- YOUR ASSIGNMENT -
The data are to be restated in full, exactly as presented.

*** Opening RECORDS FOR THE EXERCISE ***

(* For every $r\in\mathbb N$ and every $s>0$, the Hardy–Steklov-type operator $\mathcal P_r(s)$ maps $\mathbf E$ into $\mathbf E^{r}$.
   Context: Let $G=\mathbb R_+\times\mathbb R$ be the ''$ax+b$'' group with multiplication $(a_1,b_1)(a_2,b_2)=(a_1a_2,\,a_1b_2+b_1)$. Let $T$ be a strongly continuous representation of $G$ in a Banach space $\mathbf E$ with $\|T(g)f\|_{\mathbf E}\le\|f\|_{\mathbf E}$. Put $T_1(t)=T(e^{t},0)$, $T_2(t)=T(1,t)$, with (closed) generators $\mathbb A_1,\mathbb A_2$. For $r\in\mathbb N$, $\mathbf E^{r}$ is the space of $f\in\mathbf E$ for which all products $\mathbb A_{j_1}\cdots\mathbb A_{j_k}f$, $1\le k\le r$, $j_i\in\{1,2\}$, are defined (with the norm $\|f\|_{\mathbf E}+\sum_{k=1}^r\sum_{(j_1,\dots,j_k)}\|\mathbb A_{j_1}\cdots\mathbb A_{j_k}f\|_{\mathbf E}$). For $s>0$, $r\in\mathbb N$ and $f\in\mathbf E$, $$\mathcal P_r(s)f=(s/r)^{-2r}\int_{[0,s/r]^{2r}}T_1(t_{1,1}+\dots+t_{1,r})\,T_2(t_{2,1}+\dots+t_{2,r})f\;dt_{1,1}\cdots dt_{1,r}\,dt_{2,1}\cdots dt_{2,r}$$ (Bochner integral). *)

From Stdlib Require Import Reals Lra List.
From Coquelicot Require Import Coquelicot.
Open Scope R_scope.

Section Defs.
Variable E : CompleteNormedModule R_AbsRing.

(* Representation of the ax+b group: T a b is the operator T(a,b), a > 0. *)
Definition is_contr_rep (T : R -> R -> E -> E) : Prop :=
  (forall a b, 0 < a -> forall f h, T a b (plus f h) = plus (T a b f) (T a b h)) /\
  (forall a b, 0 < a -> forall (c : R) f, T a b (scal c f) = scal c (T a b f)) /\
  (forall f, T 1 0 f = f) /\
  (forall a1 b1 a2 b2 f, 0 < a1 -> 0 < a2 ->
      T a1 b1 (T a2 b2 f) = T (a1 * a2) (a1 * b2 + b1) f) /\
  (forall f a b, 0 < a ->
      filterlim (fun p : R * R => T (fst p) (snd p) f) (locally (a, b)) (locally (T a b f))) /\
  (forall a b f, 0 < a -> norm (T a b f) <= norm f).

Definition T1 (T : R -> R -> E -> E) (t : R) : E -> E := T (exp t) 0.
Definition T2 (T : R -> R -> E -> E) (t : R) : E -> E := T 1 t.

(* Graph of the (closed) generator of a one-parameter semigroup S:
   f is in the domain and A f = g iff (S(t) f - f)/t -> g as t -> 0+. *)
Definition gen (S : R -> E -> E) (f g : E) : Prop :=
  filterlim (fun t => scal (/ t) (minus (S t f) f)) (at_right 0) (locally g).

Definition genj (T : R -> R -> E -> E) (j : bool) : E -> E -> Prop :=
  if j then gen (T2 T) else gen (T1 T).

(* applies T [j1; ...; jk] f g  :<->  A_{j1} ... A_{jk} f is defined and = g. *)
Fixpoint applies (T : R -> R -> E -> E) (w : list bool) (f g : E) : Prop :=
  match w with
  | nil => g = f
  | j :: w' => exists h, applies T w' f h /\ genj T j h g
  end.

Definition in_Er (T : R -> R -> E -> E) (r : nat) (f : E) : Prop :=
  forall w : list bool, (1 <= length w)%nat -> (length w <= r)%nat ->
    exists g, applies T w f g.

Fixpoint cube_int (n : nat) (c : R) (F : list R -> E) : E :=
  match n with
  | O => F nil
  | S n' => RInt (fun t => cube_int n' c (fun l => F (t :: l))) 0 c
  end.

Definition sumR (l : list R) : R := fold_right Rplus 0 l.

Definition P_op (T : R -> R -> E -> E) (r : nat) (s : R) (f : E) : E :=
  scal (/ ((s / INR r) ^ (2 * r)))
    (cube_int (2 * r) (s / INR r)
       (fun l => T1 T (sumR (firstn r l)) (T2 T (sumR (skipn r l)) f))).

End Defs.

(* With c = s/r, the cube integral factorises (T_j(a + t) = T_j(a) T_j(t)) and
   P_r(s) f = c^(-2r) W_1^r W_2^r f, where W_j = int_0^c T_j(t) dt.  For a strongly
   continuous contraction group U with generator A, differentiating
   U(z) int_0^c e^(-mu) U(u) x du = e^(mz) int_z^(c+z) e^(-mu) U(u) x du at z = 0 gives
   A int_0^c e^(-mu) U(u) x du = e^(-mc) U(c) x - x + m int_0^c e^(-mu) U(u) x du,
   so W_j adds one order of A_j-regularity.  The group law of ax+b gives
   A_2 T_1(u) = e^(-u) T_1(u) A_2, hence A_2 commutes with the damped integrals of T_1
   up to raising the damping exponent m; thus W_1 keeps the A_2-regularity built by W_2,
   and every word with at most r letters of each kind applies to W_1^r W_2^r f. *)

From Stdlib Require Import Reals List Bool Lra Lia.
From Coquelicot Require Import Coquelicot.
Open Scope R_scope.

Lemma minus_plus_cancel_l {G : AbelianGroup} (a b : G) : minus (plus a b) a = b.
Proof. unfold minus. rewrite plus_comm, plus_assoc, plus_opp_l. apply plus_zero_l. Qed.

(* [1] and [0] are [IZR] literals, not syntactically [one] and [zero]. *)
Lemma scal_R1 {V : ModuleSpace R_Ring} (v : V) : scal 1 v = v.
Proof. exact (scal_one v). Qed.

Lemma scal_R0 {V : ModuleSpace R_Ring} (v : V) : scal 0 v = zero.
Proof. exact (scal_zero_l v). Qed.

Lemma Riemann_sum_linear {U V : NormedModule R_AbsRing} (L : U -> V) (f : R -> U) ptd :
  is_linear L -> L (Riemann_sum f ptd) = Riemann_sum (fun t => L (f t)) ptd.
Proof.
intros HL. induction ptd as [x0 | h ptd IH] using SF_cons_ind.
- exact (linear_zero L HL).
- rewrite !Riemann_sum_cons, (linear_plus L HL), (linear_scal L HL), IH. reflexivity.
Qed.

Lemma is_RInt_linear {U V : NormedModule R_AbsRing} (L : U -> V) (f : R -> U) a b I :
  is_linear L -> is_RInt f a b I -> is_RInt (fun t => L (f t)) a b (L I).
Proof.
intros HL HI.
eapply filterlim_ext; [| eapply filterlim_comp; [exact HI | apply (linear_cont L), HL]].
intros ptd. simpl. rewrite (linear_scal L HL), (Riemann_sum_linear L f ptd HL). reflexivity.
Qed.

Lemma RInt_linear {U V : CompleteNormedModule R_AbsRing} (L : U -> V) (f : R -> U) a b :
  is_linear L -> ex_RInt f a b -> RInt (fun t => L (f t)) a b = L (RInt f a b).
Proof.
intros HL Hf. apply is_RInt_unique, is_RInt_linear; [exact HL | exact (RInt_correct f a b Hf)].
Qed.

Lemma minus_scal_linear {V : NormedModule R_AbsRing} (L : V -> V) (a b : R) (q y : V) :
  is_linear L -> minus (scal a (L (scal b q))) (scal (a * b) (L y)) = scal a (L (scal b (minus q y))).
Proof.
intros HL.
rewrite (@scal_minus_distr_l R_AbsRing V), (linear_minus L _ _ HL), (linear_scal L HL b y),
  (@scal_minus_distr_l R_AbsRing V), (@scal_assoc R_AbsRing V).
reflexivity.
Qed.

*** Closing RECORDS FOR THE EXERCISE ***

- RESPONSE AREA -
(* For every $r\in\mathbb N$ and every $s>0$, the Hardy–Steklov-type operator $\mathcal P_r(s)$ maps $\mathbf E$ into $\mathbf E^{r}$.
   Context: Let $G=\mathbb R_+\times\mathbb R$ be the ''$ax+b$'' group with multiplication $(a_1,b_1)(a_2,b_2)=(a_1a_2,\,a_1b_2+b_1)$. Let $T$ be a strongly continuous representation of $G$ in a Banach space $\mathbf E$ with $\|T(g)f\|_{\mathbf E}\le\|f\|_{\mathbf E}$. Put $T_1(t)=T(e^{t},0)$, $T_2(t)=T(1,t)$, with (closed) generators $\mathbb A_1,\mathbb A_2$. For $r\in\mathbb N$, $\mathbf E^{r}$ is the space of $f\in\mathbf E$ for which all products $\mathbb A_{j_1}\cdots\mathbb A_{j_k}f$, $1\le k\le r$, $j_i\in\{1,2\}$, are defined (with the norm $\|f\|_{\mathbf E}+\sum_{k=1}^r\sum_{(j_1,\dots,j_k)}\|\mathbb A_{j_1}\cdots\mathbb A_{j_k}f\|_{\mathbf E}$). For $s>0$, $r\in\mathbb N$ and $f\in\mathbf E$, $$\mathcal P_r(s)f=(s/r)^{-2r}\int_{[0,s/r]^{2r}}T_1(t_{1,1}+\dots+t_{1,r})\,T_2(t_{2,1}+\dots+t_{2,r})f\;dt_{1,1}\cdots dt_{1,r}\,dt_{2,1}\cdots dt_{2,r}$$ (Bochner integral). *)

From Stdlib Require Import Reals Lra List.
From Coquelicot Require Import Coquelicot.
Open Scope R_scope.

Section Defs.
Variable E : CompleteNormedModule R_AbsRing.

(* Representation of the ax+b group: T a b is the operator T(a,b), a > 0. *)
Definition is_contr_rep (T : R -> R -> E -> E) : Prop :=
  (forall a b, 0 < a -> forall f h, T a b (plus f h) = plus (T a b f) (T a b h)) /\
  (forall a b, 0 < a -> forall (c : R) f, T a b (scal c f) = scal c (T a b f)) /\
  (forall f, T 1 0 f = f) /\
  (forall a1 b1 a2 b2 f, 0 < a1 -> 0 < a2 ->
      T a1 b1 (T a2 b2 f) = T (a1 * a2) (a1 * b2 + b1) f) /\
  (forall f a b, 0 < a ->
      filterlim (fun p : R * R => T (fst p) (snd p) f) (locally (a, b)) (locally (T a b f))) /\
  (forall a b f, 0 < a -> norm (T a b f) <= norm f).

Definition T1 (T : R -> R -> E -> E) (t : R) : E -> E := T (exp t) 0.
Definition T2 (T : R -> R -> E -> E) (t : R) : E -> E := T 1 t.

(* Graph of the (closed) generator of a one-parameter semigroup S:
   f is in the domain and A f = g iff (S(t) f - f)/t -> g as t -> 0+. *)
Definition gen (S : R -> E -> E) (f g : E) : Prop :=
  filterlim (fun t => scal (/ t) (minus (S t f) f)) (at_right 0) (locally g).

Definition genj (T : R -> R -> E -> E) (j : bool) : E -> E -> Prop :=
  if j then gen (T2 T) else gen (T1 T).

(* applies T [j1; ...; jk] f g  :<->  A_{j1} ... A_{jk} f is defined and = g. *)
Fixpoint applies (T : R -> R -> E -> E) (w : list bool) (f g : E) : Prop :=
  match w with
  | nil => g = f
  | j :: w' => exists h, applies T w' f h /\ genj T j h g
  end.

Definition in_Er (T : R -> R -> E -> E) (r : nat) (f : E) : Prop :=
  forall w : list bool, (1 <= length w)%nat -> (length w <= r)%nat ->
    exists g, applies T w f g.

Fixpoint cube_int (n : nat) (c : R) (F : list R -> E) : E :=
  match n with
  | O => F nil
  | S n' => RInt (fun t => cube_int n' c (fun l => F (t :: l))) 0 c
  end.

Definition sumR (l : list R) : R := fold_right Rplus 0 l.

Definition P_op (T : R -> R -> E -> E) (r : nat) (s : R) (f : E) : E :=
  scal (/ ((s / INR r) ^ (2 * r)))
    (cube_int (2 * r) (s / INR r)
       (fun l => T1 T (sumR (firstn r l)) (T2 T (sumR (skipn r l)) f))).

End Defs.

(* With c = s/r, the cube integral factorises (T_j(a + t) = T_j(a) T_j(t)) and
   P_r(s) f = c^(-2r) W_1^r W_2^r f, where W_j = int_0^c T_j(t) dt.  For a strongly
   continuous contraction group U with generator A, differentiating
   U(z) int_0^c e^(-mu) U(u) x du = e^(mz) int_z^(c+z) e^(-mu) U(u) x du at z = 0 gives
   A int_0^c e^(-mu) U(u) x du = e^(-mc) U(c) x - x + m int_0^c e^(-mu) U(u) x du,
   so W_j adds one order of A_j-regularity.  The group law of ax+b gives
   A_2 T_1(u) = e^(-u) T_1(u) A_2, hence A_2 commutes with the damped integrals of T_1
   up to raising the damping exponent m; thus W_1 keeps the A_2-regularity built by W_2,
   and every word with at most r letters of each kind applies to W_1^r W_2^r f. *)

From Stdlib Require Import Reals List Bool Lra Lia.
From Coquelicot Require Import Coquelicot.
Open Scope R_scope.

Lemma minus_plus_cancel_l {G : AbelianGroup} (a b : G) : minus (plus a b) a = b.
Proof. unfold minus. rewrite plus_comm, plus_assoc, plus_opp_l. apply plus_zero_l. Qed.

(* [1] and [0] are [IZR] literals, not syntactically [one] and [zero]. *)
Lemma scal_R1 {V : ModuleSpace R_Ring} (v : V) : scal 1 v = v.
Proof. exact (scal_one v). Qed.

Lemma scal_R0 {V : ModuleSpace R_Ring} (v : V) : scal 0 v = zero.
Proof. exact (scal_zero_l v). Qed.

Lemma Riemann_sum_linear {U V : NormedModule R_AbsRing} (L : U -> V) (f : R -> U) ptd :
  is_linear L -> L (Riemann_sum f ptd) = Riemann_sum (fun t => L (f t)) ptd.
Proof.
intros HL. induction ptd as [x0 | h ptd IH] using SF_cons_ind.
- exact (linear_zero L HL).
- rewrite !Riemann_sum_cons, (linear_plus L HL), (linear_scal L HL), IH. reflexivity.
Qed.

Lemma is_RInt_linear {U V : NormedModule R_AbsRing} (L : U -> V) (f : R -> U) a b I :
  is_linear L -> is_RInt f a b I -> is_RInt (fun t => L (f t)) a b (L I).
Proof.
intros HL HI.
eapply filterlim_ext; [| eapply filterlim_comp; [exact HI | apply (linear_cont L), HL]].
intros ptd. simpl. rewrite (linear_scal L HL), (Riemann_sum_linear L f ptd HL). reflexivity.
Qed.

Lemma RInt_linear {U V : CompleteNormedModule R_AbsRing} (L : U -> V) (f : R -> U) a b :
  is_linear L -> ex_RInt f a b -> RInt (fun t => L (f t)) a b = L (RInt f a b).
Proof.
intros HL Hf. apply is_RInt_unique, is_RInt_linear; [exact HL | exact (RInt_correct f a b Hf)].
Qed.

Lemma minus_scal_linear {V : NormedModule R_AbsRing} (L : V -> V) (a b : R) (q y : V) :
  is_linear L -> minus (scal a (L (scal b q))) (scal (a * b) (L y)) = scal a (L (scal b (minus q y))).
Proof.
intros HL.
rewrite (@scal_minus_distr_l R_AbsRing V), (linear_minus L _ _ HL), (linear_scal L HL b y),
  (@scal_minus_distr_l R_AbsRing V), (@scal_assoc R_AbsRing V).
reflexivity.
Qed.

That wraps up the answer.